When the model first learns to "see," some of the cell-like units extract rudimentary features from the scene, such as oriented edges, by analyzing very small groups of pixels. "These neurons are typically like pinholes that look at a small portion of the visual field," says Serre. More-complex units are able to take in a larger portion of the image and recognize features regardless of their size or position. For example, if the simple units detect vertical and horizontal edges, a more complex unit could use that information to detect a corner.

With each successive layer, increasingly complex features are extracted from the image. So are relationships between features, such as the distance between two parts of an object or the different angles at which the two parts are oriented. This information allows the system to recognize the same object at different angles.

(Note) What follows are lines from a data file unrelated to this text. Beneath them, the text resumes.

(* Let $G$ be a graph of tree-width $\le w\in\mathbb N$, and let $\sigma$ be a finite star of separations of $G$ of order $\le w+1$ whose interior is finite. Suppose that all separations in $\sigma$ are left-$\ell$-robust for $\ell:=(w+1)^2(w+2)+w+1$. Then $\mathrm{torso}(\sigma)$ has tree-width $\le w$.
   Context: Graphs may be infinite. A separation of $G$ is a set $\{A,B\}$ with $A,B\subseteq V(G)$, $A\cup B=V(G)$ and no edge of $G$ between $A\setminus B$ and $B\setminus A$; its order is $|A\cap B|$; its orientations are $(A,B)$ and $(B,A)$, ordered by $(A,B)\le(C,D)$ iff $A\subseteq C$ and $B\supseteq D$. A star is a set $\sigma$ of oriented finite-order separations, not containing $(V(G),V(G))$, with $(A,B)\le(D,C)$ for any two distinct $(A,B),(C,D)\in\sigma$; its interior is $\mathrm{int}(\sigma)=\bigcap_{(A,B)\in\sigma}B$. $\mathrm{torso}(\sigma)$ is the graph obtained from $G[\mathrm{int}(\sigma)]$ by adding an edge $uv$ whenever distinct $u,v\in\mathrm{int}(\sigma)$ both lie in $A\cap B$ for some $(A,B)\in\sigma$. A finite-order $(A,B)$ is left-$\ell$-robust if there exist a set $U\subseteq A$ of size $\ell$ and pairwise disjoint paths $P_x\subseteq G[A]$ ($x\in A\cap B$) with $P_x$ ending in $x$, such that for each $x$ there are $\ell$ $U$–$P_x$ paths in $G[(A\setminus B)\cup\{x\}]$ meeting pairwise at most in their endvertices on $P_x$. A graph has tree-width $\le w$ if it has a tree-decomposition all of whose bags have at most $w+1$ vertices. *)

(* Graphs may be infinite: a graph is a vertex type V with an
   adjacency relation adj : V -> V -> Prop (simple: symmetric, irreflexive).
   Vertex sets are predicates V -> Prop. *)
From Stdlib Require Import List Arith.
Import ListNotations.

Section Defs.
Context {V : Type}.

Definition simple_graph (adj : V -> V -> Prop) : Prop :=
  (forall u v, adj u v -> adj v u) /\ (forall v, ~ adj v v).

Definition finite_set (X : V -> Prop) : Prop :=
  exists l : list V, forall v, X v -> In v l.
Definition card_le (X : V -> Prop) (n : nat) : Prop :=
  exists l : list V, (forall v, X v -> In v l) /\ length l <= n.
Definition card_eq (X : V -> Prop) (n : nat) : Prop :=
  exists l : list V, NoDup l /\ length l = n /\ (forall v, X v <-> In v l).

Fixpoint walk (adj : V -> V -> Prop) (p : list V) : Prop :=
  match p with
  | x :: ((y :: _) as t) => adj x y /\ walk adj t
  | _ => True
  end.

Definition is_path (adj : V -> V -> Prop) (p : list V) : Prop :=
  p <> [] /\ NoDup p /\ walk adj p.

Definition starts (p : list V) (u : V) : Prop := hd_error p = Some u.
Definition ends (p : list V) (v : V) : Prop := hd_error (rev p) = Some v.

Definition XY_path (adj : V -> V -> Prop) (X Y : V -> Prop) (p : list V) : Prop :=
  is_path adj p /\
  exists u v, starts p u /\ ends p v /\ X u /\ Y v /\
    (forall z, In z p -> X z -> z = u) /\ (forall z, In z p -> Y z -> z = v).

Definition osep := ((V -> Prop) * (V -> Prop))%type.

Definition is_separation (adj : V -> V -> Prop) (s : osep) : Prop :=
  (forall v, fst s v \/ snd s v) /\
  (forall u v, fst s u -> ~ snd s u -> snd s v -> ~ fst s v -> ~ adj u v).

Definition sep_inter (s : osep) : V -> Prop := fun v => fst s v /\ snd s v.

Definition finite_order (s : osep) : Prop := finite_set (sep_inter s).
Definition order_le (s : osep) (n : nat) : Prop := card_le (sep_inter s) n.

Definition sep_le (s t : osep) : Prop :=
  (forall v, fst s v -> fst t v) /\ (forall v, snd t v -> snd s v).

Definition sep_inv (s : osep) : osep := (snd s, fst s).

Definition is_star (adj : V -> V -> Prop) (sigma : osep -> Prop) : Prop :=
  (forall s, sigma s -> is_separation adj s /\ finite_order s) /\
  (forall s, sigma s -> ~ (forall v, fst s v /\ snd s v)) /\
  (forall s t, sigma s -> sigma t -> s <> t -> sep_le s (sep_inv t)).

Definition finite_star (sigma : osep -> Prop) : Prop :=
  exists l : list osep, forall s, sigma s -> In s l.
(* Let $\gamma>0$ and let $W\in\mathbb{R}^{\ell\times\ell}$ be symmetric positive definite. Define $$A_\gamma=\tilde A+\gamma B^TW^{-1}B,\qquad \mathcal A_\gamma=\begin{bmatrix}A_\gamma & B^T\\ B & 0\end{bmatrix},\qquad \mathcal P_\gamma=\begin{bmatrix}A_\gamma & B^T\\ 0 & -\tfrac1\gamma W\end{bmatrix}.$$ Then all eigenvalues of $\mathcal P_\gamma^{-1}\mathcal A_\gamma$ are real and positive, and $$\operatorname{Spec}(\mathcal P_\gamma^{-1}\mathcal A_\gamma)\subseteq[\eta,1],\qquad \eta:=\min_{x\in\mathcal S,\,x\neq 0}\frac{\gamma\, x^TB^TW^{-1}Bx}{x^T\tilde A x+\gamma\, x^TB^TW^{-1}Bx},$$ where $\mathcal S:=\{v\in\mathbb{R}^{n+m}:\ u^T\tilde A v=0 \text{ for all } u\in\ker(B)\}$. Moreover, $\lambda=1$ is an eigenvalue of $\mathcal P_\gamma^{-1}\mathcal A_\gamma$ of algebraic multiplicity at least $n+m$.
   Context: Setting: $\Omega\subset\mathbb{R}^d$ ($d\in\{2,3\}$) is a bounded Lipschitz domain and $\Omega_2$ a Lipschitz subdomain with $\overline{\Omega_2}\subset\Omega$; $\beta,\beta_2$ are constants with $\beta_2>\beta>0$. Independent quasi-uniform quadrilateral/hexahedral meshes $\mathcal T_h$ of $\Omega$ (size $h_\Omega$) and $\mathcal T_{2,h}$ of $\Omega_2$ (size $h_{\Omega_2}$) are given, and $V_h\subset H^1_0(\Omega)$, $V_{2,h}\subset H^1(\Omega_2)$ are the continuous piecewise $\mathcal Q^1$ (degree at most one in each variable) Lagrange finite element spaces on these meshes, and the multiplier space is $\Lambda_h=V_{2,h}$ (more generally, any inf-sup stable choice). Bases: $\{\varphi_i\}_{i=1}^n$ of $V_h$, $\{\phi_j\}_{j=1}^m$ of $V_{2,h}$, $\{\psi_k\}_{k=1}^\ell$ of $\Lambda_h$. Matrices: $A\in\mathbb{R}^{n\times n}$, $A_{ij}=\int_\Omega\beta\nabla\varphi_i\cdot\nabla\varphi_j$; $A_2\in\mathbb{R}^{m\times m}$, $(A_2)_{ij}=\int_{\Omega_2}(\beta_2-\beta)\nabla\phi_i\cdot\nabla\phi_j$; $C\in\mathbb{R}^{\ell\times n}$, $C_{ki}=\int_{\Omega_2}\psi_k\varphi_i$; $C_2\in\mathbb{R}^{\ell\times m}$, $(C_2)_{kj}=\int_{\Omega_2}\psi_k\phi_j$. Set $B=[\,C\ \ -C_2\,]\in\mathbb{R}^{\ell\times(n+m)}$ and $\tilde A=\operatorname{diag}(A,A_2)$. Standing facts of this setting: $A$ is symmetric positive definite, $A_2$ is symmetric positive semidefinite with kernel spanned by the constant vector, $C$ has full row rank, $\ker(\tilde A)\cap\ker(B)=\{0\}$, and the saddle point matrix $\begin{bmatrix}\tilde A& B^T\\ B&0\end{bmatrix}$ is nonsingular (the discrete problem is uniquely solvable); consequently $A_\gamma$ is symmetric positive definite. *)

From HB Require Import structures.
From mathcomp Require Import all_boot all_order all_algebra.
From mathcomp Require Import complex.
Set Implicit Arguments. Unset Strict Implicit. Unset Printing Implicit Defensive.
Import Order.TTheory GRing.Theory Num.Theory.
Local Open Scope ring_scope.

Definition bform (R : pzRingType) (k : nat) (x : 'cV[R]_k) (M : 'M[R]_k) (y : 'cV[R]_k) : R :=
  (x^T *m M *m y) ord0 ord0.

Definition sym_mx (R : pzRingType) (k : nat) (M : 'M[R]_k) : Prop := M^T = M.

Definition spd (R : numDomainType) (k : nat) (M : 'M[R]_k) : Prop :=
  sym_mx M /\ forall x : 'cV[R]_k, x != 0 -> 0 < bform x M x.

Definition spsd (R : numDomainType) (k : nat) (M : 'M[R]_k) : Prop :=
  sym_mx M /\ forall x : 'cV[R]_k, 0 <= bform x M x.

Definition Atilde (R : pzRingType) (n m : nat) (A : 'M[R]_n) (A2 : 'M[R]_m) : 'M[R]_(n + m) :=
  block_mx A 0 0 A2.

Definition Bmat (R : pzRingType) (n m l : nat) (C : 'M[R]_(l, n)) (C2 : 'M[R]_(l, m))
  : 'M[R]_(l, n + m) := row_mx C (- C2).

Definition Agamma (R : fieldType) (N l : nat) (At : 'M[R]_N) (B : 'M[R]_(l, N))
  (W : 'M[R]_l) (gamma : R) : 'M[R]_N :=
  At + gamma *: (B^T *m invmx W *m B).

Definition calA (R : fieldType) (N l : nat) (At : 'M[R]_N) (B : 'M[R]_(l, N))
  (W : 'M[R]_l) (gamma : R) : 'M[R]_(N + l) :=
  block_mx (Agamma At B W gamma) B^T B 0.

Definition calP (R : fieldType) (N l : nat) (At : 'M[R]_N) (B : 'M[R]_(l, N))
  (W : 'M[R]_l) (gamma : R) : 'M[R]_(N + l) :=
  block_mx (Agamma At B W gamma) B^T 0 (- gamma^-1 *: W).

Definition inS (R : pzRingType) (N l : nat) (At : 'M[R]_N) (B : 'M[R]_(l, N)) (v : 'cV[R]_N) : Prop :=
  forall u : 'cV[R]_N, B *m u = 0 -> bform u At v = 0.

"It was a surprise to us when we applied this model to real-world visual tasks and it competed well with the best systems," says Serre. Indeed, in some tests their model successfully recognized objects more than 95 percent of the time, on average. The more images the system is trained on, the more accurately it performs.

"Maybe we shouldn't be surprised," says David Lowe, a computer vision and object recognition expert at the University of British Colombia in Vancouver. "Human vision is vastly better at recognition than any of our current computer systems, so any hints of how to proceed from biology are likely to be very useful."

At the moment, the system is designed to analyze only still images. But this is very much in line with the way the human vision system works, says Serre. The inputs to the visual cortex are shared by a system that deals with shapes and textures while a separate system deals with movement, he says. The team is now working on incorporating a parallel system to cope with video.